It is true that since the Jarrow and Colne Valley successes Socialism has had a set-back. High rates, and public examples of wasteful and incompetent management, have apparently given to municipal electors a severe and wholesome fright. But if anyone is simple enough to imagine that any temporary reverse is likely permanently to disorganise the Socialist ranks, he is greatly mistaken. It may serve perhaps to remind those in command of their eponymous hero, Fabius, who fared all the better for not going ahead too fast. Wares, it may be, of a quieter and soberer hue will be advanced for the time to the front of the shop-window. But the goods momentarily withdrawn will remain somewhere safely stocked against the return of more favourable and brisker markets.

In these circumstances, plain folk, who watch with a citizen's personal interest the currents of contemporary life, and who appreciate the economic gravity of the fact that the very poor make up one-third or so of our total population, find it impossible to rest satisfied with the' bogy' theory of Socialism.
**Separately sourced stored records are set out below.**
Lemma delay_window a (w : C) : w <> 0%C -> Re w < a < Cmod w ->
  (forall tau, T a w tau <-> 0 < tau < tau_c a w) /\
  tau_c a w = / sqrt (Cmod w ^ 2 - a ^ 2) *
              (Rabs (Arg w) - arccot (a / sqrt (Cmod w ^ 2 - a ^ 2))) /\
  0 < tau_c a w.
Proof.
  intros Hw Ha. pose proof (proj1 (Cmod_gt_0 w) Hw) as HW.
  pose proof (Re_between_Cmod w).
  assert (Hom : 0 < sqrt (Cmod w ^ 2 - a ^ 2)) by (apply sqrt_lt_R0; nra).
  assert (Hdiv : a / Cmod w * Cmod w = a) by (field; lra).
  assert (Hc : -1 < a / Cmod w < 1) by (split; nra).
  assert (Hcrit : acos (a / Cmod w) < Rabs (Arg w)).
  { apply Rnot_le_lt. rewrite Rabs_Arg_le_acos_iff; auto; lra. }
  set (om := sqrt (Cmod w ^ 2 - a ^ 2)) in *.
  assert (Hpos : 0 < tau_c a w).
  { unfold tau_c. fold om. apply Rmult_lt_0_compat; [apply Rinv_0_lt_compat|]; lra. }
  assert (Hiff : forall tau, tau < tau_c a w <-> acos (a / Cmod w) + tau * om < Rabs (Arg w)).
  { intros tau. unfold tau_c. fold om.
    replace (Rabs (Arg w)) with (acos (a / Cmod w) + om * (/ om * (Rabs (Arg w) - acos (a / Cmod w))))
      at 2 by (field; lra).
    split; intros; nra. }
  split; [|split; auto].
  - intros tau. split.
    + intros HT. pose proof (proj1 HT) as Htau. split; auto. apply Hiff.
      apply Rnot_le_lt. intros Hle. apply (unstable_criterion tau a w); auto; [lra|].
      intros _. rewrite phase_start by auto. fold om. lra.
    + intros [Htau Hlt]. apply stable_criterion; auto; [lra|].
      rewrite phase_start by auto. fold om. apply Hiff; auto.
  - unfold tau_c. fold om. rewrite acos_arccot by auto. do 3 f_equal.
    unfold om. rewrite sqrt_diff_squares by auto. field. split; [|lra].
    apply Rgt_not_eq, sqrt_lt_R0. unfold Rsqr. nra.
Qed.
If they are under an illusion, if Socialism be indeed the mere bogy which our Liberal statesmen, or some of them, depict it to be, then

it is certainly the most remarkable imitation of vigorous locomotive life that has ever yet been placed upon the stage.

But there is another attitude which is not unfrequently taken up towards Socialism as to which a few words may not be out of place. Socialism, we often hear it said, is a term so hopelessly vague and indefinite that to come to close quarters with it is out of the question. It is a sort of Proteus of economics which is always evading us by changing its shape. It is in fact not so much a political system as a particular sort of temperament and disposition.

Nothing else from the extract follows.